Paste the configuration under.

: RSA "privkey.pem"
hakase : EAP "[email protected]"
tensai : EAP "[email protected]"

Save and exit.

And the strongswan IPSec configuration has been accomplished. Add the strongswan service to startup boot time after which begin the service.

systemctl allow strongswan
systemctl begin strongswan

Enable Strongswan Daemon

The strongswan service is up and operating on CentOS eight server, verify it utilizing the next command.

systemctl standing strongswan
netstat -plntu

And you'll be proven the outcome as under.

Strongswan started successfully

Step four - Allow NAT in Firewalld

On this step, we'll allow the NAT masquerading and add the IPSec protocols Authentication Header (AH) and Encapsulating Safety Payload (ESP) on Firewalld utilizing the 'rich-rule' configuration.

Add 'AH' and 'ESP' for authentication and encryption protocols to the firewalld.

firewall-cmd --zone=public --permanent --add-rich-rule='rule protocol worth="esp" settle for'
firewall-cmd --zone=public --permanent --add-rich-rule='rule protocol worth="ah" settle for'

Add the ipsec UDP ports and repair.

firewall-cmd --zone=public --permanent --add-port=500/udp
firewall-cmd --zone=public --permanent --add-port=4500/udp
firewall-cmd --zone=public --permanent --add-service="ipsec"

Now allow the NAT mode masquerade and reload the firewalld configuration guidelines.

firewall-cmd --zone=public --permanent --add-masquerade
firewall-cmd --reload

Firewall configuration

The NAT mode on firewalld has been enabled, verify utilizing the command under.

firewall-cmd --list-all

Following is the end result.

List Firewall ports

Step 5 - Allow Port-Forwarding

To allow port-forwarding, we have to edit the 'sysctl.conf' file.

Edit the '/and so forth/sysctl.conf' file utilizing vim editor.

vim /and so on/sysctl.conf

Paste the next configuration there.

internet.ipv4.ip_forward = 1
internet.ipv4.conf.all.accept_redirects = zero
internet.ipv4.conf.all.send_redirects = zero

Save and exit, now reload utilizing the sysctl command under.

sysctl -p

Port-forwarding has been enabled.

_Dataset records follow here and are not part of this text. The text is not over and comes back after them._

Lemma edge_in_facet (i : 'I_3) d (i0 : 'I_3) e0 (i1 : 'I_2) e1 :
  let p0 := dface 2 i0 e0 (dface 1 i1 e1 v0) in
  let p1 := dface 2 i0 e0 (dface 1 i1 e1 v1) in
  dface 2 i d (dsigma 2 i p0) = p0 -> dface 2 i d (dsigma 2 i p1) = p1 ->
  exists (c : 'I_2) e', dsigma 2 i p0 = dface 1 c e' v0 /\ dsigma 2 i p1 = dface 1 c e' v1.
Proof.
case: i => [[|[|[|]]] //= Hi]; case: i0 => [[|[|[|]]] //= Hi0];
case: i1 => [[|[|]] //= Hi1]; case: d; case: e0; case: e1; rewrite /v0 /v1.
all: move=> /(congr1 val) H0 /(congr1 val) H1; unfold_vertices_in H0; unfold_vertices_in H1;
  try discriminate H0; try discriminate H1.
all: first [ by exists (@Ordinal 2 0 isT), false; split; apply: val_inj; unfold_vertices
           | by exists (@Ordinal 2 0 isT), true; split; apply: val_inj; unfold_vertices
           | by exists (@Ordinal 2 1 isT), false; split; apply: val_inj; unfold_vertices
           | by exists (@Ordinal 2 1 isT), true; split; apply: val_inj; unfold_vertices ].
Qed.

Lemma edge_in_other_facet (k : 'I_3) e (c : 'I_2) e' : exists (j : 'I_3) d (c' : 'I_2) e'',
  (j, d) != (k, e) /\
  forall w, dface 2 k e (dface 1 c e' w) = dface 2 j d (dface 1 c' e'' w).
Proof.
case: k => [[|[|[|]]] Hk] //; case: c => [[|[|]] Hc] //.
- by exists (@Ordinal 3 1 isT), e', (@Ordinal 2 0 isT), e; split => // w;
    case: e; case: e'; case_vertex w; apply: val_inj; unfold_vertices.
- by exists (@Ordinal 3 2 isT), e', (@Ordinal 2 0 isT), e; split => // w;
    case: e; case: e'; case_vertex w; apply: val_inj; unfold_vertices.
- by exists (@Ordinal 3 0 isT), e', (@Ordinal 2 0 isT), e; split => // w;
    case: e; case: e'; case_vertex w; apply: val_inj; unfold_vertices.
- by exists (@Ordinal 3 2 isT), e', (@Ordinal 2 1 isT), e; split => // w;
    case: e; case: e'; case_vertex w; apply: val_inj; unfold_vertices.
- by exists (@Ordinal 3 0 isT), e', (@Ordinal 2 1 isT), e; split => // w;
    case: e; case: e'; case_vertex w; apply: val_inj; unfold_vertices.
- by exists (@Ordinal 3 1 isT), e', (@Ordinal 2 1 isT), e; split => // w;
    case: e; case: e'; case_vertex w; apply: val_inj; unfold_vertices.
Qed.

(* The marking condition [face_ok] of box^3_{k,e}, read off on the two
   endpoints p, q of an edge: coordinate k varies, and neither neighbouring
   coordinate is constantly e. *)
Definition edge_ok (p q : pt 3) (k : 'I_3) (e : bool) : bool :=
  [&& nth false p k != nth false q k,
      (0 < k) ==> ~~ ((nth false p k.-1 == e) && (nth false q k.-1 == e)) &
      (k.+1 < 3) ==> ~~ ((nth false p k.+1 == e) && (nth false q k.+1 == e))].
Lemma reduce_sound fuel u : bounded u ->
  tw_eq (n := p.+2) (map shift u) (map shift (reduce fuel u)).
Proof.
elim: fuel u => [|fuel IH] u u_bounded /=; first exact: tw_refl.
case e: (reduce_step u) => [r|]; last exact: tw_refl.
have [u_r r_bounded] := reduce_step_sound u_bounded e.
exact: tw_trans u_r (IH r r_bounded).
Qed.

Lemma tw_eq_by_reduce (u v : seq nat) :
  let w := u ++ rev v in bounded w -> reduce (size w) w = [::] ->
  tw_eq (n := p.+2) (map shift u) (map shift v).
Proof.
move=> w w_bounded w_reduced.
have := reduce_sound (size w) w_bounded; rewrite w_reduced /= map_cat map_rev => uv'.
apply: (@tw_trans p.+2 _ (map shift u ++ rev (map shift v) ++ map shift v)).
  have := tw_congrL (n := p.+2) (map shift u)
    (tw_sym (tw_revcat (n := p.+2) (map shift v))).
  by rewrite cats0.
by rewrite catA; apply: tw_congrR uv'.
Qed.

End Reduction.

(** * The generators x_c and y_k *)

Definition x_word p k : seq 'I_p.+1 :=
  [:: letter p k; letter p k.+1; letter p k; letter p k.+1].
Definition y_word p k : seq 'I_p.+1 :=
  [:: letter p k.-1; letter p k; letter p k.+1; letter p k; letter p k.+1; letter p k.-1].
Definition gen_word p c : seq 'I_p.+1 :=
  if c < p then x_word p c else y_word p (c - p + 1).

Lemma gen_word_x p c : c < p -> gen_word p c = x_word p c.
Proof. by rewrite /gen_word => ->. Qed.

Lemma gen_word_y p k : 0 < k < p -> gen_word p (k + p - 1) = y_word p k.
Proof.
move=> /andP [k_gt0 k_lt]; rewrite /gen_word.
have -> : (k + p - 1 < p) = false by lia.
by have -> : k + p - 1 - p + 1 = k by lia.
Qed.

Lemma y_word_commutator p k :
  tw_eq (n := p.+2)
    (tw_commutator (n := p.+2) [:: letter p k.-1; letter p k; letter p k.-1]
                   [:: letter p k.-1; letter p k.+1; letter p k.-1])
    (y_word p k).
Proof.
rewrite /tw_commutator /tw_inv /=.
set a := letter p k.-1; set b := letter p k; set d := letter p k.+1.
apply: tw_trans (tw_sq (n := p.+2) [:: a; b] [:: d; a; a; b; a; a; d; a] a) _.
apply: tw_trans (tw_sq (n := p.+2) [:: a; b; d] [:: b; a; a; d; a] a) _.
exact: (tw_sq (n := p.+2) [:: a; b; d; b] [:: d; a] a).
Qed.

Lemma gen_word_TW' p c : TW' (n := p.+2) (gen_word p c).
Proof.
rewrite /gen_word; case: ifP => _.
  exact: (@der_gen p.+2 _ [:: letter p c] [:: letter p c.+1] I I).
exact: der_eq (@der_gen p.+2 _ _ _ I I) (y_word_commutator p _).
Qed.

Local Open Scope ring_scope.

Now restart the strongswan service.

systemctl restart strongswan

Enable Port forwarding

Step 6 - Testing Strongswan IPSec VPN

On this case, we'll do the check on the MacOS X and android telephone.

On MacOS

- Open the 'System Preferences' and click on the 'Community' menu.

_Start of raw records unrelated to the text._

(* Let $\Delta\subset G_{2m}$ be an open bounded set with $(\overline\Delta-\overline\Delta)\cap{\rm Sp}\,U=\{0\}$, and let $\Delta_1,\Delta_2\subset H_m$ be compact, disjoint, with $\Delta_1+\Delta_2\subset\Delta$. Then there exist disjoint open neighbourhoods $O_1,O_2\subset\mathbb{R}^{1+d}$ of $\Delta_1,\Delta_2$ respectively such that for all compact $K_1,K_2\subset\mathbb{R}^{1+d}$ with $-K_i\subset O_i$ and $-K_i\cap{\rm Sp}\,U\subset\Delta_i$ ($i=1,2$) one has: $(\overline\Delta+K_1+K_2)\cap{\rm Sp}\,U\subset\{0\}$; $-(K_1+K_2)\subset\Delta$; $(\Delta_i+K_i)\cap{\rm Sp}\,U\subset\{0\}$ for $i=1,2$; and $(\Delta_i+K_j)\cap{\rm Sp}\,U=\emptyset$ for $i\ne j$.
   Context: ${\rm Sp}\,U\subset\mathbb{R}^{1+d}$ is a set of the form $\{0\}\cup H_m\cup G_\mu$ with $H_m=\{(E,p)\in\mathbb{R}^{1+d}:E=\sqrt{p^2+m^2}\}$, $G_\mu=\{(E,p):E\ge\sqrt{p^2+\mu^2}\}$, $0<m<\mu\le2m$ (it is the joint spectrum of the energy-momentum operators of a translation representation $U$). $G_{2m}$ is $G_\mu$ with $\mu=2m$. *)

(* Points of R^{1+d} are row vectors 'rV[R]_(d.+1):
   coordinate 0 is the energy E, coordinates 1..d the momentum p. *)
From HB Require Import structures.
From mathcomp Require Import all_boot all_order all_algebra.
From mathcomp Require Import all_classical all_reals all_analysis.
Set Implicit Arguments. Unset Strict Implicit. Unset Printing Implicit Defensive.
Import Order.TTheory GRing.Theory Num.Theory.
Import numFieldNormedType.Exports.
Local Open Scope classical_set_scope.
Local Open Scope ring_scope.
(* The function $$\mathcal{L}(\boldsymbol{U},\boldsymbol{V})=\frac1n\sum_{i=1}^n\big(\langle\boldsymbol{P}_i,\boldsymbol{U}\boldsymbol{U}^\top-\boldsymbol{V}\boldsymbol{V}^\top\rangle-y_i^*\big)^2+\frac\lambda2\,\mathrm{tr}(\boldsymbol{U}\boldsymbol{U}^\top+\boldsymbol{V}\boldsymbol{V}^\top),\qquad \boldsymbol{U},\boldsymbol{V}\in\mathbb{R}^{d\times d},$$ satisfies: (1) all local minima of $\mathcal{L}$ are global minima; (2) at any saddle point $(\boldsymbol{U}_s,\boldsymbol{V}_s)$ of $\mathcal{L}$ there is a direction $(\boldsymbol{\mathcal{E}}_{\boldsymbol{U}},\boldsymbol{\mathcal{E}}_{\boldsymbol{V}})$ with $\mathrm{vec}(\boldsymbol{\mathcal{E}}_{\boldsymbol{U}},\boldsymbol{\mathcal{E}}_{\boldsymbol{V}})^\top\nabla^2\mathcal{L}(\boldsymbol{U}_s,\boldsymbol{V}_s)\,\mathrm{vec}(\boldsymbol{\mathcal{E}}_{\boldsymbol{U}},\boldsymbol{\mathcal{E}}_{\boldsymbol{V}})<0$.
   Context: $\lambda>0$. Observed index pairs $(i_k,j_k)\in[d]\times[d]$, $k\in[n]$, with $\boldsymbol{P}_k:=\frac12(\boldsymbol{e}_{i_k}\boldsymbol{e}_{j_k}^\top+\boldsymbol{e}_{j_k}\boldsymbol{e}_{i_k}^\top)$, and targets $y_k^*\in\mathbb{R}$ (the observed entries of a symmetric matrix). A saddle point is a stationary point that is not a local extremum. *)

From HB Require Import structures.
From mathcomp Require Import all_boot all_order all_algebra.
From mathcomp Require Import all_classical all_reals all_analysis.
Set Implicit Arguments. Unset Strict Implicit. Unset Printing Implicit Defensive.
Import Order.TTheory GRing.Theory Num.Theory.
Import numFieldNormedType.Exports.
Local Open Scope ring_scope.
Local Open Scope classical_set_scope.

Click on the '+' button to create a brand new VPN connection.

    • Interface: 'VPN'
    • VPN Sort: 'IKEv2'
    • Service Identify: 'IKEv2-vpn

Configure VPN on MacOS

- On the 'Server Tackle' and 'Distant ID', sort the VPN area identify ''.
- Click on 'Authentication Settings'.
- Authentication utilizing a 'Username'.
- Sort the username 'tensai' with password '[email protected]'
- Click on 'OK' and click on 'Apply'.

MacOS VPN authentication settings

New IKEv2 VPN connection has been created on the shopper. Now click on the join button.

New IKEv2 VPN connection has been created

And the shopper has been related to the strongswan VPN server and has an inner/personal IP tackle

On Android

- Obtain and set up the native strongswan android software from Google-Play.
- Add new VPN profile
- Sort the server area identify '' and use the IKEv2 EAP Username and Password authentication.

Following is the end result once we hook up with the VPN server.

Configure VPN on Android

The IKEv2 IPSec-based VPN server has been created utilizing Strongswan and Letsencrypt on CentOS eight server.